Stored data entries:
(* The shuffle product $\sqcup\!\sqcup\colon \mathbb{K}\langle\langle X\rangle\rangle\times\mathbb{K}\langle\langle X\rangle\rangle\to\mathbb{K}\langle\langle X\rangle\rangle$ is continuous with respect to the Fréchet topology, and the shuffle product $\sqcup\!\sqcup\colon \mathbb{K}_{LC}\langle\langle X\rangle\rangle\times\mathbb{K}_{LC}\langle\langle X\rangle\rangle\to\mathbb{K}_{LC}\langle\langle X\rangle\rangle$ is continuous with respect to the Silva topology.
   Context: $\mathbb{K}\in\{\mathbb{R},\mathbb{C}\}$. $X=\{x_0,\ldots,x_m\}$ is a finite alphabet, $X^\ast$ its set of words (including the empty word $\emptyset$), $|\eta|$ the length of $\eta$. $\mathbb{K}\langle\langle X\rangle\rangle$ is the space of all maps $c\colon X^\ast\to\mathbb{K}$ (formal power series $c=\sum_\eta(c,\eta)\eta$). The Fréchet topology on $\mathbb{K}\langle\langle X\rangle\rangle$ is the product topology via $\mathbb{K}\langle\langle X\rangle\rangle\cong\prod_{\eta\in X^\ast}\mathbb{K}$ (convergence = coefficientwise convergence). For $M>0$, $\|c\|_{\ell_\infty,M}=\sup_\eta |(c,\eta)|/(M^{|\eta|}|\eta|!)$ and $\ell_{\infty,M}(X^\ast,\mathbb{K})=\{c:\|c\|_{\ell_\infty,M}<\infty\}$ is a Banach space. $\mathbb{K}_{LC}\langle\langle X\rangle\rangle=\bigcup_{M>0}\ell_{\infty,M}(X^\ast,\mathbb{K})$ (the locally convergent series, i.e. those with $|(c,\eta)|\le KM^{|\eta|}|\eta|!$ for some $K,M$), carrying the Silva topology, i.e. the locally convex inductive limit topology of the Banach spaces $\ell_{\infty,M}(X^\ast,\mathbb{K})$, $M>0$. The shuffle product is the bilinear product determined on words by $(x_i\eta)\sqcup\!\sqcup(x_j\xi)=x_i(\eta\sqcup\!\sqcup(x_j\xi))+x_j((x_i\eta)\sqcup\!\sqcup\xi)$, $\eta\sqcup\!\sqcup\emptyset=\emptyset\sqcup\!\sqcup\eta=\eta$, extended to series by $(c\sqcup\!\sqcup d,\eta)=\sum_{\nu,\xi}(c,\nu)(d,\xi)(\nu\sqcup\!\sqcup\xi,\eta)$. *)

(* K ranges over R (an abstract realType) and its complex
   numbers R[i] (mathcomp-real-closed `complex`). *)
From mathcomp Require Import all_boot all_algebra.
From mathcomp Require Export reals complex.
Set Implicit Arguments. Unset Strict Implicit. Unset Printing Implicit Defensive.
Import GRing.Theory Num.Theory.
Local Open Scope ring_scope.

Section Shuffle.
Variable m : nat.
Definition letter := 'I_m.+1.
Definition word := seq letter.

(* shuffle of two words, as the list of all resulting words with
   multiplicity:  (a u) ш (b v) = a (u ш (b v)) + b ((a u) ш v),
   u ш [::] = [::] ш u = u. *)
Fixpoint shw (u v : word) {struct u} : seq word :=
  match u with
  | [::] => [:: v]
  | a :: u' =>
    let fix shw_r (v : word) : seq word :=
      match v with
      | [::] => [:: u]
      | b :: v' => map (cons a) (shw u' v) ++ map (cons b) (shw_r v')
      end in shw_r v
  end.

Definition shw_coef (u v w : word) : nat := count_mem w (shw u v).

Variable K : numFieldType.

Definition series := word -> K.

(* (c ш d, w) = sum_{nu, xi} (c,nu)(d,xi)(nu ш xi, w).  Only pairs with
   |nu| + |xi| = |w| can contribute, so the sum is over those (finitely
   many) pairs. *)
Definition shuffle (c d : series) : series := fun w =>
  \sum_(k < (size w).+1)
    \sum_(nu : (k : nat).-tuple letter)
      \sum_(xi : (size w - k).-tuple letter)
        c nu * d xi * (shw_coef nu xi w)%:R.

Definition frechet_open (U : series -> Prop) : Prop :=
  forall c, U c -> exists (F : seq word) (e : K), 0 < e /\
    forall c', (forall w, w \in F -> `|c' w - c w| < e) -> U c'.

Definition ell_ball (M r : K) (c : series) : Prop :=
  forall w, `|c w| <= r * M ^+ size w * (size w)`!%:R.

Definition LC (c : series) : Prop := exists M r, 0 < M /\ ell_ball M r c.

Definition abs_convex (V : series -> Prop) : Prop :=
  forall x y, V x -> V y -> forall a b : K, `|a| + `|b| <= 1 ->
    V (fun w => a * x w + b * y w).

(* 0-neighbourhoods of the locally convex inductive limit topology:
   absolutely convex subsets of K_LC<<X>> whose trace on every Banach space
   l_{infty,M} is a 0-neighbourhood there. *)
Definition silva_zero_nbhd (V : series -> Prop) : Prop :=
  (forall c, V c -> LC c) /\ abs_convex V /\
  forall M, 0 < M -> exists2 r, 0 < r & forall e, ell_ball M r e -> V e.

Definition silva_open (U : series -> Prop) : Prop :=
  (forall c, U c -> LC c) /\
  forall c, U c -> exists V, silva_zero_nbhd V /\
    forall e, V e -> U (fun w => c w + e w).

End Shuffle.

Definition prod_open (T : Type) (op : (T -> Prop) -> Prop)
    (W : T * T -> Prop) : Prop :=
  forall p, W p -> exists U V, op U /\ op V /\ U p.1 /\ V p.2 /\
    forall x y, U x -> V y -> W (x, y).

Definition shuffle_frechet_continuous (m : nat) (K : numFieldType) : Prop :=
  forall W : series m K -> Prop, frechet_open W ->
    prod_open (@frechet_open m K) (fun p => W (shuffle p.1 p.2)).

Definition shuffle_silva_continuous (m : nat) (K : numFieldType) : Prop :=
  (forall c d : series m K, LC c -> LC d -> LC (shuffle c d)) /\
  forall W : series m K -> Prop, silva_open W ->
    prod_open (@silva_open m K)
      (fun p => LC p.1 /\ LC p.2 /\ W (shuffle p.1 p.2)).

Exercise: For this task, write out exactly the lines of the entries above, starting at the line with "Fixpoint shw (u" and ending at the line with "forall x y, V", both included, and no others.

Result of the task:
Fixpoint shw (u v : word) {struct u} : seq word :=
  match u with
  | [::] => [:: v]
  | a :: u' =>
    let fix shw_r (v : word) : seq word :=
      match v with
      | [::] => [:: u]
      | b :: v' => map (cons a) (shw u' v) ++ map (cons b) (shw_r v')
      end in shw_r v
  end.

Definition shw_coef (u v w : word) : nat := count_mem w (shw u v).

Variable K : numFieldType.

Definition series := word -> K.

(* (c ш d, w) = sum_{nu, xi} (c,nu)(d,xi)(nu ш xi, w).  Only pairs with
   |nu| + |xi| = |w| can contribute, so the sum is over those (finitely
   many) pairs. *)
Definition shuffle (c d : series) : series := fun w =>
  \sum_(k < (size w).+1)
    \sum_(nu : (k : nat).-tuple letter)
      \sum_(xi : (size w - k).-tuple letter)
        c nu * d xi * (shw_coef nu xi w)%:R.

Definition frechet_open (U : series -> Prop) : Prop :=
  forall c, U c -> exists (F : seq word) (e : K), 0 < e /\
    forall c', (forall w, w \in F -> `|c' w - c w| < e) -> U c'.

Definition ell_ball (M r : K) (c : series) : Prop :=
  forall w, `|c w| <= r * M ^+ size w * (size w)`!%:R.

Definition LC (c : series) : Prop := exists M r, 0 < M /\ ell_ball M r c.

Definition abs_convex (V : series -> Prop) : Prop :=
  forall x y, V x -> V y -> forall a b : K, `|a| + `|b| <= 1 ->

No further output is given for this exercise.